- **Problem to solve**:
Look through the listing below, and wherever a line has the string "embC", pull it out.

- **Data shown**:
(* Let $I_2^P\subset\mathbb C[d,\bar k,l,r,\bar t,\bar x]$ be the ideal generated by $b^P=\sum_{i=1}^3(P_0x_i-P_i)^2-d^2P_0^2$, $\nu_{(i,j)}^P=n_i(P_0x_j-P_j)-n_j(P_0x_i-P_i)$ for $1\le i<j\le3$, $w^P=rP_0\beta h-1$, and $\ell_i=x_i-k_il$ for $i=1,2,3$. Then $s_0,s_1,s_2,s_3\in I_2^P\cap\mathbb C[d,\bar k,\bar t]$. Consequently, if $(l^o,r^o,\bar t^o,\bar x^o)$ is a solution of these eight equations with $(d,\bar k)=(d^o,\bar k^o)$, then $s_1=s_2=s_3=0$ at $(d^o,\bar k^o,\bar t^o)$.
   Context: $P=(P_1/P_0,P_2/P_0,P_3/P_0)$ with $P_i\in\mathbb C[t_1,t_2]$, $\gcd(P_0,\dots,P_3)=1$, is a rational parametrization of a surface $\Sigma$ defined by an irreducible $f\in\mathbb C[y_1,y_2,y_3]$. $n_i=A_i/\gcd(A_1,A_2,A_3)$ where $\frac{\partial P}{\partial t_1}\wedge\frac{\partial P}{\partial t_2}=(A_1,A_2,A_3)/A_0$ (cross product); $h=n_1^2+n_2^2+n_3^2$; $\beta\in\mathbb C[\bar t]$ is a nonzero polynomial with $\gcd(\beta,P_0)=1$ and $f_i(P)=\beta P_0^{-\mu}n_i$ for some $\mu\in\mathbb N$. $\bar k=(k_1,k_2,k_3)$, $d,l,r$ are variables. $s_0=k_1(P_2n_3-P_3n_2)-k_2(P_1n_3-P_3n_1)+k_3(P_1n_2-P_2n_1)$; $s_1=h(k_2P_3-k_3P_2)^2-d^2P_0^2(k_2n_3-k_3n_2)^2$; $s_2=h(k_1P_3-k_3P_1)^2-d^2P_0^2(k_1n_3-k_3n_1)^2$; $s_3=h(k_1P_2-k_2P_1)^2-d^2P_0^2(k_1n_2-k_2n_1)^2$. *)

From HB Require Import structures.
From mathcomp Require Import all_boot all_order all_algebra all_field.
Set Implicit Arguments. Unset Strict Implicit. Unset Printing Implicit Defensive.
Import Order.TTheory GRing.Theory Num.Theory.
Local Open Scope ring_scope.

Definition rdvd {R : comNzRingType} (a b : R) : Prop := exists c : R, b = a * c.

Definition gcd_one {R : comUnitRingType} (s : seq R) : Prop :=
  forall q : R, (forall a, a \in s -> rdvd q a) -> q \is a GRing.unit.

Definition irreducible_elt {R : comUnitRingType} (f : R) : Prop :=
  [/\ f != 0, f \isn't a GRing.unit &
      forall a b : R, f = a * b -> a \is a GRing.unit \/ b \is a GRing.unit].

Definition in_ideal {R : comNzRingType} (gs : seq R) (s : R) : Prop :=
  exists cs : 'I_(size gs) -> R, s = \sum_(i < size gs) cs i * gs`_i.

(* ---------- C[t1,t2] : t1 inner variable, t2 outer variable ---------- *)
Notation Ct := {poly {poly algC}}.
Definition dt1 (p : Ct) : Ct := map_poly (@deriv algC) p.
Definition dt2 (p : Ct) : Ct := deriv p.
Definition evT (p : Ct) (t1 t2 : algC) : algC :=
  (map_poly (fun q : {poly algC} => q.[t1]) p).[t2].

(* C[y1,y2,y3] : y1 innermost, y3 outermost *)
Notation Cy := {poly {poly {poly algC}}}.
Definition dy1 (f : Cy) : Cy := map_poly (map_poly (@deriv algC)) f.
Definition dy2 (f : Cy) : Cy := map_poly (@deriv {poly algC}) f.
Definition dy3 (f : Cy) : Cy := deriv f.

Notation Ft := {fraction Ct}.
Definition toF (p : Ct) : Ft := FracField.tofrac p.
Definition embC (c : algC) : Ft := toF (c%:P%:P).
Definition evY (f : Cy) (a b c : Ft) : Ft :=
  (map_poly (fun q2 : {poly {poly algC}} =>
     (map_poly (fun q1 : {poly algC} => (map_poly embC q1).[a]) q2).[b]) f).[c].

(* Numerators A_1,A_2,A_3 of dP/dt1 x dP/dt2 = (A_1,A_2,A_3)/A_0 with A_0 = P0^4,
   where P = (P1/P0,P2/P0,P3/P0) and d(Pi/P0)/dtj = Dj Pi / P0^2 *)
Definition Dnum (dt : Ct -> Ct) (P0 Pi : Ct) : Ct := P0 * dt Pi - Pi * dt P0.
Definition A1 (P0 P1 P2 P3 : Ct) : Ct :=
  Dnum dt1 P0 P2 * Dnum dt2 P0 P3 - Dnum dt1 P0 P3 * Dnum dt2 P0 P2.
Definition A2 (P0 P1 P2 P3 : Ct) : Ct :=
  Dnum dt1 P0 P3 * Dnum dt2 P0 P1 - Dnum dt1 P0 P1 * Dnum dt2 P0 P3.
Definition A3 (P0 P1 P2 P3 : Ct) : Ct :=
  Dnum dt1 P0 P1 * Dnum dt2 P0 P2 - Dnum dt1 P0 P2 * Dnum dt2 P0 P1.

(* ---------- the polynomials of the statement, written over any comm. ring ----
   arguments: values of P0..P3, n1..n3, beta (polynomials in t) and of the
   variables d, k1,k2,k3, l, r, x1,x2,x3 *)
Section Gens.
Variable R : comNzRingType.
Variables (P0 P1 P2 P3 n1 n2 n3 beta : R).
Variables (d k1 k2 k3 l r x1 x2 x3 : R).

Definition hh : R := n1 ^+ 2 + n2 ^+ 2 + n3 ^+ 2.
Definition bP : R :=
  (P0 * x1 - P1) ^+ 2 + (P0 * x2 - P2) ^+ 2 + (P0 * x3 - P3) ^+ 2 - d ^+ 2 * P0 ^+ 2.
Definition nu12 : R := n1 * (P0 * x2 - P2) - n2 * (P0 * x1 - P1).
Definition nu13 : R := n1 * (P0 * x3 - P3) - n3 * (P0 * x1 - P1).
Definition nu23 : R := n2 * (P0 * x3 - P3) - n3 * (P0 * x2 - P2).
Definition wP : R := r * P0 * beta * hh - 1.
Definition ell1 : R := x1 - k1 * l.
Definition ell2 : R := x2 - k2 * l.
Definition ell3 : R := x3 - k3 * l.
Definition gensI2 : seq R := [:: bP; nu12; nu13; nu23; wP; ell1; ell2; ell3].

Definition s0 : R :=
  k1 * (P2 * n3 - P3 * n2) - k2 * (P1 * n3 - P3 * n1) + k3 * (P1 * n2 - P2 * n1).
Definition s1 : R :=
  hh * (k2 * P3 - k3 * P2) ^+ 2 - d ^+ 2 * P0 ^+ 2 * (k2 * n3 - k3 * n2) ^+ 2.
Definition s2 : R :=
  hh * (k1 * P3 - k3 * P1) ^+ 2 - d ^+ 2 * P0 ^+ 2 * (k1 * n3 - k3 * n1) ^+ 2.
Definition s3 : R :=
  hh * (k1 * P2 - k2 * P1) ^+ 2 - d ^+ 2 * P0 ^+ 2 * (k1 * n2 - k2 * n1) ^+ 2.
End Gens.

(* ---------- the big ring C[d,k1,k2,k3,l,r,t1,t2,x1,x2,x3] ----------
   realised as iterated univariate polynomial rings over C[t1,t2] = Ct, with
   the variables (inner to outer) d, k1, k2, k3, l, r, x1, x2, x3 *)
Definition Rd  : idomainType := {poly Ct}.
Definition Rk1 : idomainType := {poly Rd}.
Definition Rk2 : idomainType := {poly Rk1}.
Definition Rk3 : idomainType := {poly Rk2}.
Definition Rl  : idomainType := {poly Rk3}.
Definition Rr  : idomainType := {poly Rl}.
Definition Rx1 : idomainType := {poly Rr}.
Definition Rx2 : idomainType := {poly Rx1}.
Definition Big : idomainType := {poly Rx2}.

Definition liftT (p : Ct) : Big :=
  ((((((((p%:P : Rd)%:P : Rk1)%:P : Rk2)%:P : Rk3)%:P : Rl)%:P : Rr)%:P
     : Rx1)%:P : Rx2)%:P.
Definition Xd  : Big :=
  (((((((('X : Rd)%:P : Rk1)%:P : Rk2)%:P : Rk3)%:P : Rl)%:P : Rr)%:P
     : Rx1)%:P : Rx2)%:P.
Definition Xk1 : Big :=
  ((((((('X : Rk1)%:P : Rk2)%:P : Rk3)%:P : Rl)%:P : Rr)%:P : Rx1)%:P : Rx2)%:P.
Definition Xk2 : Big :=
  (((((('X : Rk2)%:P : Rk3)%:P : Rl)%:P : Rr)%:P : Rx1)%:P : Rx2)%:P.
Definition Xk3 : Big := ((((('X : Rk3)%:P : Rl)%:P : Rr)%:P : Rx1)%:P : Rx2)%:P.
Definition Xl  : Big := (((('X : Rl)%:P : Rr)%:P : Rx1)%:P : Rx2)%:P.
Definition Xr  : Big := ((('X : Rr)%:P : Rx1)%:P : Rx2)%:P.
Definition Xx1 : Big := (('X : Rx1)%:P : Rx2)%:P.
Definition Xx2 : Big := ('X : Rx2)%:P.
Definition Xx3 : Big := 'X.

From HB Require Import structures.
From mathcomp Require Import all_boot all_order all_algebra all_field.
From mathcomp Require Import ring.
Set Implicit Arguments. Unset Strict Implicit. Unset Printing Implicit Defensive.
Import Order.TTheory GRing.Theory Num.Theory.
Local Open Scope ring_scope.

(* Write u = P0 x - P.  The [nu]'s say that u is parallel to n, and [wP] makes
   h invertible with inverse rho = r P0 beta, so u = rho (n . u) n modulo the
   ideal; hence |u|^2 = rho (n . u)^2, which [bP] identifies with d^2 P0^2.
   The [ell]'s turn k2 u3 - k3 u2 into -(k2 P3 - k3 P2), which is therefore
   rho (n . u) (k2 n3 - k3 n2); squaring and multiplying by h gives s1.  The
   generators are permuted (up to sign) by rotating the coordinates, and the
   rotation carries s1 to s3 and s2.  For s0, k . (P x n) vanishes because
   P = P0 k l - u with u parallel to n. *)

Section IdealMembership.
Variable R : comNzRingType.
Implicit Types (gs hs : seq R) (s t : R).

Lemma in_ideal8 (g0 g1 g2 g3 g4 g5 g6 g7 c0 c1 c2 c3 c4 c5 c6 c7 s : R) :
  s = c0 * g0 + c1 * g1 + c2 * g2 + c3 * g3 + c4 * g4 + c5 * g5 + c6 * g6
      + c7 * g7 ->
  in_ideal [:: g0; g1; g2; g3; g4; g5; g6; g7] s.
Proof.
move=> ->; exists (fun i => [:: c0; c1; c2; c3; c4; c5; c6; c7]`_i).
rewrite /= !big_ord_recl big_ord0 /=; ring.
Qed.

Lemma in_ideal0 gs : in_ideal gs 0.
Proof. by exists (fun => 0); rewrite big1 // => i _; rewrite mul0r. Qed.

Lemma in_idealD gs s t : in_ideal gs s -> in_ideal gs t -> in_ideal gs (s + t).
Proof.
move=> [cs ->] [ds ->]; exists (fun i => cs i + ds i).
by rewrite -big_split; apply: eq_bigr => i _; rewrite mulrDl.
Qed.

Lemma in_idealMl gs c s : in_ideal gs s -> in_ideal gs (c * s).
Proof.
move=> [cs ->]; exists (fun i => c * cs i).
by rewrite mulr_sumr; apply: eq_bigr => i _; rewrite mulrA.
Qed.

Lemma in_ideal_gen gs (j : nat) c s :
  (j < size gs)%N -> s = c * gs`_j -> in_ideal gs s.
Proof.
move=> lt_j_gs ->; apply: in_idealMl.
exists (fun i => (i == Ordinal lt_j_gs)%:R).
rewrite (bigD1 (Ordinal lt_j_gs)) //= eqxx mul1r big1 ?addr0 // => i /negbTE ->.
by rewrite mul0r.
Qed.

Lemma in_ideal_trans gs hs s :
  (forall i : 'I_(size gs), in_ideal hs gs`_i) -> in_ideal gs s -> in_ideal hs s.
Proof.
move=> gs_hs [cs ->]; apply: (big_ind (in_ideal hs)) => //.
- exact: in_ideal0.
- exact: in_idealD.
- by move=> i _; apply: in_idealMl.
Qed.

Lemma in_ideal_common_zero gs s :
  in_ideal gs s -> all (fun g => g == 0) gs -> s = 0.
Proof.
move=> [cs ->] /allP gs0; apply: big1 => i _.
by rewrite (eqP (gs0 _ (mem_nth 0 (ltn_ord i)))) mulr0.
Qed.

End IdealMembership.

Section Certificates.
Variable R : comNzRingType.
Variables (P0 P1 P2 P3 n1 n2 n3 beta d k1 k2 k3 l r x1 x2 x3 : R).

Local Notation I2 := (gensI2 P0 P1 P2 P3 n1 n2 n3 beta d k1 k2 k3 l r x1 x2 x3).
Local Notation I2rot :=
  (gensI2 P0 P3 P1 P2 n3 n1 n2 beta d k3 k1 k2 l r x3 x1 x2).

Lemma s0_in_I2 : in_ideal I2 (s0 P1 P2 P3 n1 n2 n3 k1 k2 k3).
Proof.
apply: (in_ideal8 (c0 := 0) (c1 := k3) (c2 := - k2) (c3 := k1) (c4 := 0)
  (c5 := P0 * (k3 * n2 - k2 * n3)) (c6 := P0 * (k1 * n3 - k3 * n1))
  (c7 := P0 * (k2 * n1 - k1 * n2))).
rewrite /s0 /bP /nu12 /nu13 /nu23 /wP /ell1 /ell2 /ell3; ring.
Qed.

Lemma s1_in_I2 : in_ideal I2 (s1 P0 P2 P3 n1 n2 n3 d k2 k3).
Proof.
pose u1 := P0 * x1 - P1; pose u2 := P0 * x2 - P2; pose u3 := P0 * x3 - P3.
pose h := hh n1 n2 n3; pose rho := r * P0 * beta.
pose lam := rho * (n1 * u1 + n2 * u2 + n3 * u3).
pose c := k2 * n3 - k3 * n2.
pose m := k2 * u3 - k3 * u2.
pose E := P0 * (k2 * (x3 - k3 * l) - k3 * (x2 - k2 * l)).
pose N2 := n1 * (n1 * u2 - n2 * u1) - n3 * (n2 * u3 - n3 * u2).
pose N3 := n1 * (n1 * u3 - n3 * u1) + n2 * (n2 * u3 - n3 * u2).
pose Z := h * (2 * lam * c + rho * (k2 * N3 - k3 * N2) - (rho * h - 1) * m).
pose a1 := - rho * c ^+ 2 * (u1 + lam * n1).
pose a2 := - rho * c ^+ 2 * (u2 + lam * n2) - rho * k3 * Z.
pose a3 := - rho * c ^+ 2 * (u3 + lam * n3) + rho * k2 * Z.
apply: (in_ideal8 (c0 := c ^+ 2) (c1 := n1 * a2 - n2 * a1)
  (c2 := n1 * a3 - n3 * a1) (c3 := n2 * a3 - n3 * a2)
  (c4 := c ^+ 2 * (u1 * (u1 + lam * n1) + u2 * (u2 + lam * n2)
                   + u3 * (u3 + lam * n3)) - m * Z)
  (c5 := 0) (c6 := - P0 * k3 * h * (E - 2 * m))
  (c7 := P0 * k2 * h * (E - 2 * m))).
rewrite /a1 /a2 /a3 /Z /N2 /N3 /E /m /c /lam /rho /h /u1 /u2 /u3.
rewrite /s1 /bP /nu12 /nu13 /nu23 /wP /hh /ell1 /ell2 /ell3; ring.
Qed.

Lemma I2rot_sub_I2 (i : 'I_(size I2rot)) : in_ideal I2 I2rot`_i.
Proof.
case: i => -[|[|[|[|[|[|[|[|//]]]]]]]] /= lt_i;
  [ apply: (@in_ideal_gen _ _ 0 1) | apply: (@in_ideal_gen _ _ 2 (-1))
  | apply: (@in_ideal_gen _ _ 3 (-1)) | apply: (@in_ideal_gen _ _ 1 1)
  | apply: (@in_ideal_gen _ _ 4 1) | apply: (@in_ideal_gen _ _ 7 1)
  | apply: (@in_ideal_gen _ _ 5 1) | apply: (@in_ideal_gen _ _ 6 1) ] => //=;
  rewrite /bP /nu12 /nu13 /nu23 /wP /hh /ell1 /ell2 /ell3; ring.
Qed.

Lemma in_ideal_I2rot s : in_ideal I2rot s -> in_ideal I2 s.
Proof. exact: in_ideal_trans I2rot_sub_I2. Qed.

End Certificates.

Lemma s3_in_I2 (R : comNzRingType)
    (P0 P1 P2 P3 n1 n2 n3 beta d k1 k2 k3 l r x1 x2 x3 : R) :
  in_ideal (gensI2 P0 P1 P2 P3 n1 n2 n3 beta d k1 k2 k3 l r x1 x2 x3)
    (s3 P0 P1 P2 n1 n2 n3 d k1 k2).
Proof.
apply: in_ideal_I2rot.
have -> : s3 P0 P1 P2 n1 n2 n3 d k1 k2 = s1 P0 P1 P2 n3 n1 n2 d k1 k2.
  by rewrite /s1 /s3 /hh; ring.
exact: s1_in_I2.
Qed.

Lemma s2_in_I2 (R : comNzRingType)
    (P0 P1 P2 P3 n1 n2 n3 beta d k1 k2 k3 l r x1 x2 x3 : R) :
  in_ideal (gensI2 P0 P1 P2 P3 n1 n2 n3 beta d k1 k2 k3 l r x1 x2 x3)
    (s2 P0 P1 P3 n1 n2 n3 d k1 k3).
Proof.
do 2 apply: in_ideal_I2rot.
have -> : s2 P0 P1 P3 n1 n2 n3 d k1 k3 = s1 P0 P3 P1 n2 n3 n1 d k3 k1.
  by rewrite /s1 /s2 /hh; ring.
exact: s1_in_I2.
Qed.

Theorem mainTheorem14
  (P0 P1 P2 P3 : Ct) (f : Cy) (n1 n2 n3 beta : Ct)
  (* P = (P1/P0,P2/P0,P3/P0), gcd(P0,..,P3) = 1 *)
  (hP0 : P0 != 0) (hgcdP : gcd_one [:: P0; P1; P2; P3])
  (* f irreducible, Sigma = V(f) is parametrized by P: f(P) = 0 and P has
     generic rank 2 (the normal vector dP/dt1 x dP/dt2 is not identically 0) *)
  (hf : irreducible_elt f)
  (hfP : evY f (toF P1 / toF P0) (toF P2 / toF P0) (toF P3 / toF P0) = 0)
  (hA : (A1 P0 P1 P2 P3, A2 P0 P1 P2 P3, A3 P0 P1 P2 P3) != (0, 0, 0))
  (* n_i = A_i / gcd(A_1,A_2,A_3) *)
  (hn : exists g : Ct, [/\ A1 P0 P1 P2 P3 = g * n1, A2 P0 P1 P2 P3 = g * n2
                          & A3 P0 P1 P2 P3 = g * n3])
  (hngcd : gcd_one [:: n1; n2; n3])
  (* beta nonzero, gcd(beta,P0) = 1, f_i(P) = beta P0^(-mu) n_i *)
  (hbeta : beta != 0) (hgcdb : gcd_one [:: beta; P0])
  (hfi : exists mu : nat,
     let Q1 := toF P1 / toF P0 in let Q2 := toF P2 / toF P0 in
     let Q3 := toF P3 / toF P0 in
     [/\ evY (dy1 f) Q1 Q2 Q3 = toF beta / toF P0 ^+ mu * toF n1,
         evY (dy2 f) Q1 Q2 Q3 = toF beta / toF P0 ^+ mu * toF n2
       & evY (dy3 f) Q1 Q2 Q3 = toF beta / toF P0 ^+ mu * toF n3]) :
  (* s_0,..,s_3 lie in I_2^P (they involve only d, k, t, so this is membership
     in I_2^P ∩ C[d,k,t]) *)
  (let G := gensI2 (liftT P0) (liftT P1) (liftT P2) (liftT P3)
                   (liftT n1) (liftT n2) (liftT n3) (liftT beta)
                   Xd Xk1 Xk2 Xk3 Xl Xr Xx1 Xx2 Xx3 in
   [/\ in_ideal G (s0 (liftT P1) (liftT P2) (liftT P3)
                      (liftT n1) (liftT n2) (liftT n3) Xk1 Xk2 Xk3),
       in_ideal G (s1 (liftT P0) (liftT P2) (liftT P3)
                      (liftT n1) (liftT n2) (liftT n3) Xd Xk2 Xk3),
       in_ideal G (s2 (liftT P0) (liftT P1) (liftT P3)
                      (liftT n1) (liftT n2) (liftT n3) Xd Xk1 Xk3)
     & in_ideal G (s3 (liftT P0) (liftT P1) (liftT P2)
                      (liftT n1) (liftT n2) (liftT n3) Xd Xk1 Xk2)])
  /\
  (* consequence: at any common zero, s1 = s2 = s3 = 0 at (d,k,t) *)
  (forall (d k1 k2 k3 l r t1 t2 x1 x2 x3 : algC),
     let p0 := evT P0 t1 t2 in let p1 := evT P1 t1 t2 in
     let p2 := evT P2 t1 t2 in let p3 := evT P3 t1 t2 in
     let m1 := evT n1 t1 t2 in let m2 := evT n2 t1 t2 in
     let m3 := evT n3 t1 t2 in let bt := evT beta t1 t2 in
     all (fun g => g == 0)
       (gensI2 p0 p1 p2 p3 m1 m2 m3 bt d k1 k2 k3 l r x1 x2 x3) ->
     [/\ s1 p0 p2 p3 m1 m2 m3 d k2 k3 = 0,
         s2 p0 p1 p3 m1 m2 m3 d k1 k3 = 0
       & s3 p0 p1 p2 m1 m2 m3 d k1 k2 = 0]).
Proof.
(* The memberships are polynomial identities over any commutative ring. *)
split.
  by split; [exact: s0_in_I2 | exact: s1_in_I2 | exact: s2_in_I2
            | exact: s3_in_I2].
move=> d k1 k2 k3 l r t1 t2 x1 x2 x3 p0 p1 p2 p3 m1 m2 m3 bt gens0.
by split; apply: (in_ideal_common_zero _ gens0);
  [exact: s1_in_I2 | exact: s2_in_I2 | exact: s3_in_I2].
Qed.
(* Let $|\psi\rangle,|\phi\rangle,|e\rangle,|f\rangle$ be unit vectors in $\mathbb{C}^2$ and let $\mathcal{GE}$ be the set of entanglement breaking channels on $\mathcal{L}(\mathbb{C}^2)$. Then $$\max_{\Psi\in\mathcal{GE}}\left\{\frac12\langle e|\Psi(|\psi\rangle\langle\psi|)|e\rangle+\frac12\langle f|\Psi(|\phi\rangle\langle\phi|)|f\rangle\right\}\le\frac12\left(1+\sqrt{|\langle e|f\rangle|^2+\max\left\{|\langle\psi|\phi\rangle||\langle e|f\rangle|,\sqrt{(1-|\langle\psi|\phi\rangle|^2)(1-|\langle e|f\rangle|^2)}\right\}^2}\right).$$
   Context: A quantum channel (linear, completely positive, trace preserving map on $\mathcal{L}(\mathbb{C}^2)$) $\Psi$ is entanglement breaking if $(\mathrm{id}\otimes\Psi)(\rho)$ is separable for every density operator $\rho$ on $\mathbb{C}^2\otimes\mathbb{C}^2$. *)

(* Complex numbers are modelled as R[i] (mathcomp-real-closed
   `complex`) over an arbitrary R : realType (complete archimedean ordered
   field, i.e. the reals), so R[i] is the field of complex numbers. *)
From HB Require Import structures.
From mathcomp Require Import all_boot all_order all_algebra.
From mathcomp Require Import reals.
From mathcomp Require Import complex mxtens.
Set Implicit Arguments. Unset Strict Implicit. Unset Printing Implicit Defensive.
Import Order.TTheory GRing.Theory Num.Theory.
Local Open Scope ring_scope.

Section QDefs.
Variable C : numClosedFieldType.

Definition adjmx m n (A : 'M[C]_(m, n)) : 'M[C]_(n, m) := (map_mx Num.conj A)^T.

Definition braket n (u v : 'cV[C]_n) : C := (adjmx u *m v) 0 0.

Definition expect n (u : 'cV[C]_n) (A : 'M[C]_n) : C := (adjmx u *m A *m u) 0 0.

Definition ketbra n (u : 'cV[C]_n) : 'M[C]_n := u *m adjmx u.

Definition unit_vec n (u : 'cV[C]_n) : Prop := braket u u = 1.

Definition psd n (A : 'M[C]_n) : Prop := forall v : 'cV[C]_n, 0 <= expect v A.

- **Answer to this task**:
Definition embC (c : algC) : Ft := toF (c%:P%:P).
     (map_poly (fun q1 : {poly algC} => (map_poly embC q1).[a]) q2).[b]) f).[c].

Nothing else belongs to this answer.